Hincapie shows a remarkable naivete in how he assesses his experience with the federal investigation and USADA, whining at times that he was their “sole target” when moments later he’ll note the testimony of Levi Leipheimer, Jonathan Vaughters, Christian Vande Velde and David Zabriskie. He somehow forgets about Hamilton’s testimony.
In discussing his efforts to clean up cycling Hincapie comes across as truthful and sincere. But the Hincapie behind the scenes is at odds with the Hincapie we saw publicly. He writes of wanting to tell the world how much cleaner cycling was in 2010, of how much he was doing to show young riders another path. It was during this same period of time that he issued the press release in which he said, “ It’s unfortunate that that’s all people want to talk about…. I’m not going to partake in any cycling-bashing. I have done everything to be the best I can be…. I want the focus on the future of the sport, what it’s done to clean itself up. I believe in cycling and want to support it.”
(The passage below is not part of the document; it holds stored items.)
(* If g is dominated by the norm so is |g|, hence |f u| <= 2 |u|. *)
Lemma complexify_bounded : (forall x, g x <= rnorm x) ->
  forall u, `|complexify u| <= 2 * `|u|.
Proof.
move=> g_le u.
have gN w : g (- w) = - g w.
  have g0 : g 0 = 0 by have := g_linear 1 0 0; rewrite scaler0 addr0 mul1r; lra.
  by have := g_linear (-1) w 0; rewrite rmorphN1 scaleN1r addr0 mulN1r g0 addr0.
have g_abs w : `|g w| <= rnorm w.
  by rewrite ler_norml g_le andbT -rnormN lerNl -gN; exact: g_le.
rewrite /complexify (le_trans (ler_normB _ _)) //.
rewrite normrM normci mul1r !normcR rnormE mulr2n mulrDl mul1r.
by apply: lerD; rewrite lecR // -(rnormi u).
Qed.

End Complexification.
Arguments complexify {R X}.
Arguments complexify_linear {R X g}. Arguments complexify_bounded {R X g}.

Lemma bounded_functional {R : realType} {X : normedModType (R[i])%C} {x0 : X} :
  x0 != 0 -> exists f : X -> R[i],
  [/\ forall a u v, f (a *: u + v) = a * f u + f v,
      forall u, `|f u| <= 2 * `|u| & f x0 != 0].
Proof.
move=> x0_neq0; have [g [g_lin g_le g_x0]] := real_hahn_banach x0.
exists (complexify g); split.
- exact: complexify_linear.
- exact: complexify_bounded.
- apply/eqP => f0; have := congr1 (@complex.Re R) f0; rewrite /complexify /= g_x0.
  by have := rnorm_gt0 _ x0_neq0; lra.
Qed.

Section RankOne.
Variables (R : realType) (X : normedModType (R[i])%C).

Lemma nonzero_vector : infinite_dim X -> exists x0 : X, x0 != 0.
Proof.
move=> infX; have [x nx] := infX [::]; exists x; apply/eqP => x0; apply: nx.
by exists (fun _ => 0); rewrite x0 big_ord0.
Qed.

(* The rank-one operator x |-> f x *: x0 of a bounded linear functional f
   is bounded: it is Lipschitz with constant 2 |x0|. *)
Lemma rank_one_bounded (f : X -> R[i]) (x0 : X) :
  (forall a u v, f (a *: u + v) = a * f u + f v) ->
  (forall u, `|f u| <= 2 * `|u|) -> bounded_op (fun x => f x *: x0).
Proof.
move=> f_lin f_le; split=> [a u v | x]; first by rewrite f_lin scalerDl scalerA.
have lip z : `|f x *: x0 - f z *: x0| <= 2 * `|x0| * `|x - z|.
  rewrite -scalerBl; have -> : f x - f z = f (x - z).
    by rewrite addrC -[- z]scaleN1r [x + _]addrC f_lin mulN1r.
  by rewrite normrZ mulrAC; apply: ler_wpM2r => //; exact: f_le.
apply/(@cvgrPdist_lt _ _ _ (nbhs x)) => e e_gt0.
have k_gt0 : 0 < 2 * `|x0| + 1 by rewrite ltr_wpDl // mulr_ge0.
near=> z; rewrite (le_lt_trans (lip z)) //.
rewrite (le_lt_trans (ler_wpM2r (normr_ge0 (x - z)) (ler_wpDr ler01 (lexx _)))) //.
rewrite -ltr_pdivlMl //.
by near: z; apply: cvgr_dist_lt => //; rewrite mulr_gt0 // invr_gt0.
Unshelve. all: by end_near.
Qed.

(* On an infinite-dimensional space a nonzero rank-one operator is not a
   scalar, so every standard operator algebra contains a non-scalar element. *)
Lemma standard_algebra_nonscalar (A : set (X -> X)) : infinite_dim X ->
  standard_operator_algebra A -> exists2 N, A N & ~ scalar_op N.
Proof.
move=> infX [_ [A_fr _]].
have [x0 x0_neq0] := nonzero_vector infX.
have [f [f_lin f_le fx0]] := bounded_functional x0_neq0.
exists (fun x => f x *: x0).
  apply: A_fr; first exact: rank_one_bounded.
  by exists [:: x0] => x; exists (fun _ => f x); rewrite big_ord1.
move=> [l Nl].
have l_neq0 : l != 0.
  apply: contraNneq fx0 => l0; have /eqP := Nl x0.
  by rewrite l0 scale0r scaler_eq0 (negbTE x0_neq0) orbF.
have [x nx] := infX [:: x0]; apply: nx.
exists (fun _ => l^-1 * f x); rewrite big_ord1 /= -scalerA Nl scalerA.
by rewrite mulVf // scale1r.
Qed.

End RankOne.
Arguments nonzero_vector {R X}. Arguments standard_algebra_nonscalar {R X A}.

Section Preserver.
Variables (R : realType) (X Y : completeNormedModType (R[i])%C).
Variables (A : set (X -> X)) (B : set (Y -> Y)) (phi : (X -> X) -> (Y -> Y)).
Hypotheses (infX : infinite_dim X) (infY : infinite_dim Y).
Hypotheses (A_std : standard_operator_algebra A) (B_std : standard_operator_algebra B).
Hypothesis phi_AB : forall T, A T -> B (phi T).
Hypothesis phi_quadratic : forall T : opmx2 X, in_alg2 A T ->
  (quadratic2 T <-> quadratic2 (phi2 phi T)).
Hypothesis phi_id : phi id = id.

Lemma A_linear {T} : A T -> lin_op T.
Proof. by case: A_std => [[bnd _ _ _ _] _] /bnd []. Qed.

Lemma B_linear {S} : B S -> lin_op S.
Proof. by case: B_std => [[bnd _ _ _ _] _] /bnd []. Qed.

Lemma A_id : A id.
Proof. by case: A_std => [[]]. Qed.

Lemma A_scalar (l : R[i]) : A (fun x => l *: x).
Proof. by case: A_std => [[_ Aid _ AZ _] _]; exact: AZ. Qed.

Lemma phi_block {E F G H} : A E -> A F -> A G -> A H ->
  quadratic2 (mk2 E F G H) <-> quadratic2 (mk2 (phi E) (phi F) (phi G) (phi H)).
Proof.
move=> AE AF AG AH.
have -> : mk2 (phi E) (phi F) (phi G) (phi H) = phi2 phi (mk2 E F G H).
  by apply: funext => i; apply: funext => j; rewrite /phi2 /mk2; do 2 case: ifP.
by apply: phi_quadratic => i j; rewrite /mk2; do 2 case: ifP.
Qed.

(* phi reflects scalars, through the matrix [[T, 1], [1, T]] ... *)
Lemma phi_scalar_reflect {T} : A T -> scalar_op (phi T) -> scalar_op T.
Proof.
move=> AT [c phiT]; apply: block_quadratic_scalar.
apply/(phi_block AT A_id A_id AT); rewrite phi_id.
by rewrite (_ : phi T = fun y => c *: y); [exact: scalar_block_quadratic | exact: funext].
Qed.

Lemma phi_scalar (l : R[i]) : scalar_op (phi (fun x => l *: x)).
Proof.
apply: block_quadratic_scalar; rewrite -[in W in mk2 _ W]phi_id -[in W in mk2 _ _ W]phi_id.
by apply/phi_block; [exact: A_scalar | exact: A_id | exact: A_id |
  exact: A_scalar | exact: scalar_block_quadratic].
Qed.

(* phi 0 = 0: 0 is orthogonal to a non-scalar N, so phi 0 * phi N is a
   scalar; if phi 0 were a nonzero scalar, phi N and then N would be scalar. *)
Lemma phi_zero y : phi (fun x => 0 *: x) y = 0.
Proof.
have [N AN N_nonscalar] := standard_algebra_nonscalar infX A_std.
have [c phi0] := phi_scalar 0.
have orth0N : quadratic2 (mk2 id (fun x => 0 *: x) N id).
  apply: orth_block_quadratic _ (A_linear AN) _ _.
  - by move=> a u v; rewrite !scale0r scaler0 addr0.
  - by move=> x; rewrite scale0r.
  - by move=> x; rewrite scale0r (lin_op0 (A_linear AN)).
move/(phi_block A_id (A_scalar 0) AN A_id): orth0N; rewrite phi_id.
move=> /block_quadratic_orth [t phi0N].
have [c0|c_neq0] := eqVneq c 0; first by rewrite phi0 c0 scale0r.
exfalso; apply/N_nonscalar/phi_scalar_reflect => //; exists (t / c) => z.
have [+ _] := phi0N z; rewrite phi0 => cN.
by rewrite mulrC -scalerA -cN scalerA mulVf // scale1r.
Qed.

Lemma phi_idempotent_range {E} : A E -> idempotent_opr E ->
  exists c, forall y, phi E (phi E y) = c *: phi E y.
Proof.
move=> AE EE; apply: (block_quadratic_range_scalar (B_linear (phi_AB _ AE))).
exact/(phi_block AE AE AE AE)/idempotent_block_quadratic.
Qed.

(* Both directions start from [[1, P], [Q, 1]]: its quadraticity on one side
   yields PQ = QP = t on the other, and it remains to show that t = 0. *)
Lemma orth_preserved P Q : A P -> A Q -> idempotent_opr P -> idempotent_opr Q ->
  P \o Q = (fun _ => 0) -> Q \o P = (fun _ => 0) ->
  phi P \o phi Q = (fun _ => 0) /\ phi Q \o phi P = (fun _ => 0).
Proof.
move=> AP AQ PP QQ PQ QP.
have := orth_block_quadratic (A_linear AP) (A_linear AQ)
  (fun x => congr1 (@^~ x) PQ) (fun x => congr1 (@^~ x) QP).
move/(phi_block A_id AP AQ A_id); rewrite phi_id => /block_quadratic_orth [t phiPQ].
have [t0|t_neq0] := eqVneq t 0.
  by split; apply: funext => y /=; have [e1 e2] := phiPQ y; rewrite ?e1 ?e2 t0 scale0r.
exfalso.
(* If t != 0, phi P and phi Q are scalars: each acts as a scalar on its
   range and has a right inverse up to t.  Hence so are P and Q. *)
have [[c Pc] [d Qd]] := (phi_idempotent_range AP PP, phi_idempotent_range AQ QQ).
have [l Pl] := phi_scalar_reflect AP
  (ex_intro _ c (range_scalar_surjective t_neq0 Pc (fun y => (phiPQ y).1))).
have [m Qm] := phi_scalar_reflect AQ
  (ex_intro _ d (range_scalar_surjective t_neq0 Qd (fun y => (phiPQ y).2))).
(* As PQ = 0, one of P, Q is the zero operator, whose image is 0 (phi_zero);
   this contradicts phi P phi Q = phi Q phi P = t != 0. *)
have [x0 x0_neq0] := nonzero_vector infX.
have [y0 y0_neq0] := nonzero_vector infY.
have phi_nonzero (E F : X -> X) :
    (forall y, phi E (phi F y) = t *: y) -> E <> (fun x => 0 *: x).
  move=> EF E0; have /esym/eqP := EF y0; rewrite E0 phi_zero.
  by rewrite scaler_eq0 (negbTE t_neq0) (negbTE y0_neq0).
have [P0|Q0] := orth_scalar_zero x0_neq0 Pl Qm (congr1 (@^~ x0) PQ).
  exact: (phi_nonzero P Q (fun y => (phiPQ y).1) P0).
exact: (phi_nonzero Q P (fun y => (phiPQ y).2) Q0).
Qed.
Ultimately Hincapie’s greatest miscalculation is the public’s perception that the sport was riddled with doping. Even if he had singlehandedly convinced every cyclist on the planet to stop doping, because the public didn’t have any knowledge of those efforts, he receives no credit. Part of the job of cleaning up cycling is communicating to the public what’s being done. Fundamentally, it’s an issue of transparency and here again withholding names works against that.
The weight of the quotes do have an effect on the reader. It takes most of the book’s 296 pages, but by the end, one can see the respect which the peloton gave him.
The closer to home, to family, Hincapie stays, the better the book is. The most emotional and heartfelt passages are when he writes of his wife and children. Without those passages, I might have thrown this book across the room. The epilogue is perhaps Hincapie’s best moment. In a meeting with Travis Tygart he relates that Tygart’s parting shot was to ask what Hincapie would say to his daughter about his doping. Unable to answer at the time, the closing is the response he eventually formed and one can feel the weight of a parent’s responsibility and love in his answer.